Ese es el verdadero plomo que pesa sobre este junio. Oigo voces en el pasillo, y entonces entra la abuela. Davis para de leer. Yo dejo en paz el dispensador sanitario y todos levantamos la vista y esperamos. —Bueno, ya me han contado la gran noticia —dice la abuela, frotándose las manos como si tuviera frío—. Vuestro padre está estable, lo cual es maravilloso. Pero es un caso especial, y están un poco perplejos. Así que recomiendan que lo traslademos a otro lugar, uno nuevo, durante un par de semanas, donde le podrán hacer pruebas mucho más específicas. Por lo visto, hay muchos expertos prestigiosos en neurología en Virginia que estarían encantados de echarle un vistazo al coco de vuestro padre… y gratis. —La voz de la abuela tiembla y hace una pausa larga. Todos esperamos a que siga hablando. Intenta sonreír, pero le sale una mueca torcida. Soy totalmente incapaz de interpretar la ayuda visual de su cara—. Se trata de un hospital de investigación que tiene fama mundial. —La abuela respira hondo—. ¡Puñetas!, no vamos a dejar pasar una oportunidad como esta, ¿verdad, chicos? ¿A que es estupendo? La abuela está a punto de llorar. Pero no tiene ningún sentido decir palabras alegres como «¿a que es estupendo?» y tener los ojos llenos de lágrimas. —¿Virginia? —Davis arruga la nariz. —Está a las afueras de la ciudad de Washington.
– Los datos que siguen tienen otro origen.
(* Every equidistributed infinite permutation is aperiodic, i.e. not ultimately periodic.
   Context: An infinite permutation is an equivalence class of sequences $(a[n])_{n\ge0}$ of pairwise distinct reals, where two sequences are equivalent if $a[i]<a[j]\iff b[i]<b[j]$ for all $i,j$; write $\alpha=(\alpha[n])_{n\ge0}$ with the induced order. A sequence $(a[n])$ in $[0,1]$ is equidistributed if $\lim_{n\to\infty}\frac{\#\{0\le i<n:a[i]<t\}}{n}=t$ for each $t\in[0,1]$; a permutation is equidistributed if it has an equidistributed representative in $[0,1]$. A permutation $\alpha$ is ultimately $t$-periodic ($t\ge1$) if for all sufficiently large $i,j$, $\alpha[i]<\alpha[j]\iff\alpha[i+t]<\alpha[j+t]$; it is ultimately periodic if it is ultimately $t$-periodic for some $t$. *)

From Stdlib Require Import Reals.
Open Scope R_scope.

(* A sequence of pairwise distinct reals (a representative of an infinite permutation). *)
Definition distinct_seq (a : nat -> R) : Prop :=
  forall i j : nat, i <> j -> a i <> a j.

(* Two sequences represent the same infinite permutation. *)
Definition order_equiv (a b : nat -> R) : Prop :=
  forall i j : nat, a i < a j <-> b i < b j.

Fixpoint count_below (b : nat -> R) (t : R) (n : nat) : nat :=
  match n with
  | O => O
  | S m => (if Rlt_dec (b m) t then 1 else 0) + count_below b t m
  end%nat.

Definition equidistributed_seq (b : nat -> R) : Prop :=
  (forall n, 0 <= b n <= 1) /\
  forall t : R, 0 <= t <= 1 ->
    Un_cv (fun n => INR (count_below b t n) / INR n) t.

Definition equidistributed_perm (a : nat -> R) : Prop :=
  exists b : nat -> R, distinct_seq b /\ order_equiv a b /\ equidistributed_seq b.

Definition ult_t_periodic (a : nat -> R) (t : nat) : Prop :=
  exists N : nat, forall i j : nat, (N <= i)%nat -> (N <= j)%nat ->
    (a i < a j <-> a (i + t)%nat < a (j + t)%nat).

Definition ult_periodic (a : nat -> R) : Prop :=
  exists t : nat, (1 <= t)%nat /\ ult_t_periodic a t.

From Stdlib Require Import Reals Lra Lia Classical.
Open Scope R_scope.

(* If the representative b is ultimately t-periodic, then along each residue
   class mod t the subsequence k |-> b (i + k t) is strictly monotone, since the
   comparison of b i with b (i + t) propagates.  Hence for a threshold s every
   class is eventually entirely below or entirely above s, and the proportion of
   indices with b n < s tends to m / t, where m counts the classes ending below
   s.  Equidistribution forces m / t = s, which fails for s = 1 / (2 t). *)

Lemma count_below_ext (b c : nat -> R) (s : R) (n : nat) :
  (forall i, (i < n)%nat -> (b i < s <-> c i < s)) ->
  count_below b s n = count_below c s n.
Proof.
  induction n as [|n IH]; intros Hbc; simpl; [reflexivity|].
  rewrite IH by (intros i Hi; apply Hbc; lia).
  destruct (Rlt_dec (b n) s) as [Hb|Hb], (Rlt_dec (c n) s) as [Hc|Hc];
    try reflexivity; exfalso.
  - apply Hc, (Hbc n); auto.
  - apply Hb, (Hbc n); auto.
Qed.

Lemma count_below_add (b : nat -> R) (s : R) (m n : nat) :
  count_below b s (m + n) =
  (count_below b s m + count_below (fun i => b (m + i)%nat) s n)%nat.
Proof.
  induction n as [|n IH]; simpl.
  - now rewrite Nat.add_0_r.
  - rewrite Nat.add_succ_r; simpl; rewrite IH; lia.
Qed.

Lemma count_below_periodic (b : nat -> R) (s : R) (N t : nat) :
  (forall i, (N <= i)%nat -> (b (i + t)%nat < s <-> b i < s)) ->
  forall k, count_below b s (N + k * t) =
    (count_below b s N + k * count_below (fun i => b (N + i)%nat) s t)%nat.
Proof.
  intros Hper.
  assert (Hiter : forall k i, (b (N + k * t + i)%nat < s <-> b (N + i)%nat < s)).
  { induction k as [|k IH]; intros i.
    - now rewrite Nat.add_0_r.
    - replace (N + S k * t + i)%nat with (N + k * t + i + t)%nat by lia.
      rewrite Hper by lia; apply IH. }
  induction k as [|k IH].
  - simpl; rewrite Nat.add_0_r; lia.
  - replace (N + S k * t)%nat with (N + k * t + t)%nat by lia.
    rewrite count_below_add, IH.
    rewrite (count_below_ext (fun i => b (N + k * t + i)%nat) (fun i => b (N + i)%nat) s t)
      by (intros i _; apply Hiter).
    lia.
Qed.

Lemma monotone_of_step_order (f : nat -> R) :
  (forall k, f k <> f (S k)) ->
  (forall k, f k < f (S k) <-> f (S k) < f (S (S k))) ->
  (forall k, f k < f (S k)) \/ (forall k, f (S k) < f k).
Proof.
  intros Hne Hstep.
  destruct (Rtotal_order (f 0%nat) (f 1%nat)) as [H0|[H0|H0]].
  - left; induction k as [|k IH]; [exact H0|]; now apply (Hstep k).
  - now destruct (Hne 0%nat).
  - right; induction k as [|k IH]; [exact H0|].
    destruct (Rtotal_order (f (S (S k))) (f (S k))) as [H|[H|H]]; [exact H| |].
    + now destruct (Hne (S k)).
    + apply (Hstep k) in H; lra.
Qed.

Lemma monotone_eventually_same_side (f : nat -> R) (s : R) :
  (forall k, f k < f (S k)) \/ (forall k, f (S k) < f k) ->
  exists M, forall k, (M <= k)%nat -> (f (S k) < s <-> f k < s).
Proof.
  intros [Hinc|Hdec].
  - destruct (classic (exists k0, s <= f k0)) as [[k0 Hk0]|Hbelow].
    + exists k0; intros k Hk.
      assert (Hgrow : Un_growing f) by (intro n; apply Rlt_le, Hinc).
      pose proof (growing_prop f k k0 Hgrow Hk); pose proof (Hinc k); lra.
    + exists 0%nat; intros k _.
      split; intros _; apply Rnot_le_lt; intro; apply Hbelow; eauto.
  - destruct (classic (exists k0, f k0 < s)) as [[k0 Hk0]|Habove].
    + exists k0; intros k Hk.
      assert (Hdecr : Un_decreasing f) by (intro n; apply Rlt_le, Hdec).
      pose proof (decreasing_prop f k0 k Hdecr Hk); pose proof (Hdec k); lra.
    + exists 0%nat; intros k _.
      split; intros Hlt; exfalso; apply Habove; eauto.
Qed.

Lemma exists_uniform_bound (P : nat -> nat -> Prop) (c : nat) :
  (forall j M M', (M <= M')%nat -> P j M -> P j M') ->
  (forall j, (j < c)%nat -> exists M, P j M) ->
  exists M, forall j, (j < c)%nat -> P j M.
Proof.
  intros Hmono; induction c as [|c IH]; intros Hex.
  - exists 0%nat; intros; lia.
  - destruct IH as [M1 HM1]; [intros j Hj; apply Hex; lia|].
    destruct (Hex c) as [M2 HM2]; [lia|].
    exists (Nat.max M1 M2); intros j Hj.
    destruct (Nat.eq_dec j c) as [->|Hjc].
    + apply (Hmono c M2); [lia|exact HM2].
    + apply (Hmono j M1); [lia|apply HM1; lia].
Qed.

Lemma ult_t_periodic_order_equiv (a b : nat -> R) (t : nat) :
  order_equiv a b -> ult_t_periodic a t -> ult_t_periodic b t.
Proof.
  intros Hab [N HN]; exists N; intros i j Hi Hj.
  rewrite <- (Hab i j), <- (Hab (i + t)%nat (j + t)%nat); auto.
Qed.

Lemma ult_periodic_class_monotone (b : nat -> R) (t N : nat) :
  distinct_seq b -> (1 <= t)%nat ->
  (forall i j, (N <= i)%nat -> (N <= j)%nat ->
     (b i < b j <-> b (i + t)%nat < b (j + t)%nat)) ->
  forall i, (N <= i)%nat ->
  let f := fun k => b (i + k * t)%nat in
  (forall k, f k < f (S k)) \/ (forall k, f (S k) < f k).
Proof.
  intros Hdist Ht Hper i Hi f.
  assert (Hsucc : forall k, (i + S k * t = i + k * t + t)%nat) by (intro k; lia).
  apply monotone_of_step_order; intro k; unfold f.
  - apply Hdist; nia.
  - rewrite !Hsucc, Hper; [reflexivity | lia | lia].
Qed.

Lemma ult_periodic_threshold_periodic (b : nat -> R) (t : nat) (s : R) :
  distinct_seq b -> (1 <= t)%nat -> ult_t_periodic b t ->
  exists N, forall i, (N <= i)%nat -> (b (i + t)%nat < s <-> b i < s).
Proof.
  intros Hdist Ht [N Hper].
  destruct (exists_uniform_bound
              (fun j M => forall k, (M <= k)%nat ->
                 (b (N + j + S k * t)%nat < s <-> b (N + j + k * t)%nat < s)) t)
    as [M HM].
  { intros j M M' HMM' H k Hk; apply H; lia. }
  { intros j _; apply (monotone_eventually_same_side (fun k => b (N + j + k * t)%nat)).
    apply (ult_periodic_class_monotone b t N); auto; lia. }
  exists (N + M * t)%nat; intros i Hi.
  assert (Ht0 : t <> 0%nat) by lia.
  set (j := ((i - N) mod t)%nat); set (k := ((i - N) / t)%nat).
  assert (Hi_eq : i = (N + j + k * t)%nat).
  { pose proof (Nat.div_mod (i - N) t Ht0); unfold j, k; lia. }
  assert (Hk : (M <= k)%nat).
  { unfold k; rewrite <- (Nat.div_mul M t Ht0); apply Nat.Div0.div_le_mono; lia. }
  rewrite Hi_eq; replace (N + j + k * t + t)%nat with (N + j + S k * t)%nat by lia.
  apply HM; [apply Nat.mod_upper_bound; exact Ht0 | exact Hk].
Qed.

Lemma Un_cv_subseq (u : nat -> R) (l : R) (phi : nat -> nat) :
  (forall k, (k <= phi k)%nat) -> Un_cv u l -> Un_cv (fun k => u (phi k)) l.
Proof.
  intros Hphi Hu eps Heps.
  destruct (Hu eps Heps) as [K HK]; exists K; intros k Hk.
  apply HK; specialize (Hphi k); lia.
Qed.

Lemma Un_cv_affine_ratio (C m N t : nat) : (1 <= t)%nat ->
  Un_cv (fun k => INR (C + k * m) / INR (N + k * t)) (INR m / INR t).
Proof.
  intros Ht.
  assert (Htr : 0 < INR t) by (apply lt_0_INR; lia).
  set (denom := fun k => INR (N + (k + 1) * t)).
  assert (Hden_ge : forall k, INR k <= denom k).
  { intro k; apply le_INR; nia. }
  assert (Hden_infty : cv_infty denom).
  { intro A; destruct (INR_unbounded A) as [n0 Hn0]; exists n0; intros k Hk.
    pose proof (le_INR _ _ Hk); pose proof (Hden_ge k); lra. }
  (* Shifting by one keeps the denominator positive even when N = 0. *)
  apply (CV_shift _ 1).
  apply (Un_cv_ext (fun k => INR m / INR t + (INR C - INR N * INR m / INR t) * / denom k)).
  { intro k; assert (Hpos : 0 < denom k) by (apply lt_0_INR; nia).
    unfold denom in *; rewrite !plus_INR, !mult_INR in *; field; lra. }
  set (c := INR C - INR N * INR m / INR t).
  enough (Hlim : Un_cv (fun k => INR m / INR t + c * / denom k) (INR m / INR t + c * 0))
    by now rewrite Rmult_0_r, Rplus_0_r in Hlim.
  apply CV_plus.
  - intros eps Heps; exists 0%nat; intros; rewrite Rdist_eq; exact Heps.
  - apply CV_mult; [|now apply cv_infty_cv_0].
    intros eps Heps; exists 0%nat; intros; rewrite Rdist_eq; exact Heps.
Qed.

Theorem corollary1 (a : nat -> R) :
  distinct_seq a -> equidistributed_perm a -> ~ ult_periodic a.
Proof.
  intros _ [b [Hdist [Hab [Hunit Hfreq]]]] [t [Ht Hper]].
  apply (ult_t_periodic_order_equiv a b t Hab) in Hper.
  assert (Htr : 1 <= INR t) by (apply (le_INR 1); lia).
  (* No multiple of 1 / t lies strictly between 0 and 1 / t. *)
  set (s := / (2 * INR t)).
  assert (Hs : 0 <= s <= 1).
  { unfold s; split; [apply Rlt_le, Rinv_0_lt_compat; lra|].
    rewrite <- Rinv_1; apply Rinv_le_contravar; lra. }
  destruct (ult_periodic_threshold_periodic b t s Hdist Ht Hper) as [N HN].
  set (m := count_below (fun i => b (N + i)%nat) s t).
  assert (Hcv : Un_cv (fun k => INR (count_below b s N + k * m) / INR (N + k * t)) s).
  { apply (Un_cv_ext (fun k => INR (count_below b s (N + k * t)) / INR (N + k * t))).
    { intro k; now rewrite (count_below_periodic b s N t HN k). }
    apply (Un_cv_subseq (fun n => INR (count_below b s n) / INR n)); [intro; nia|].
    now apply Hfreq. }
  assert (Hm : s = INR m / INR t)
    by exact (UL_sequence _ _ _ Hcv (Un_cv_affine_ratio _ m N t Ht)).
  assert (H2m : INR (2 * m) = INR 1).
  { rewrite mult_INR; unfold s in Hm; simpl.
    apply (Rmult_eq_reg_r (/ (2 * INR t))); [|apply Rinv_neq_0_compat; lra].
    rewrite Hm at 2; field; lra. }
  apply INR_eq in H2m; lia.
Qed.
Allí tendrá el mejor de los tratamientos, cariño. Voy a empezar a hacer los preparativos ahora mismo. —La abuela rebusca el teléfono móvil en su bolso—. El único inconveniente es que seguramente tenga que dejaros aquí para acompañarle, y me quedaré con él. Va a necesitar que lo cuide más que nunca, estando tan lejos. 34


—¿Virginia? —repite Davis moviendo la cabeza rápida y ligeramente de atrás adelante, como si intentara sacudirse el cerebro hacia fuera, o como si guardase muy hondo las palabras de la abuela. —Lo sé, corazoncitos míos. Es otro gran cambio —admite la abuela, mirándonos fijamente a todos—. Pero es lo mejor para vuestro padre. Y solo serán unas semanas. Encontraremos la manera de que esto funcione. —De acuerdo, abuelita —dicen los gemelos, que por una vez permanecen totalmente quietos, hombro con hombro, absortos, con la mirada en la abuela. Yo me quedo al lado del dispensador desinfectante para manos. Y papá se limita a seguir sentado en su silla, como si todo le desconcertara. Más o menos como me siento yo también últimamente, la mayor parte del tiempo.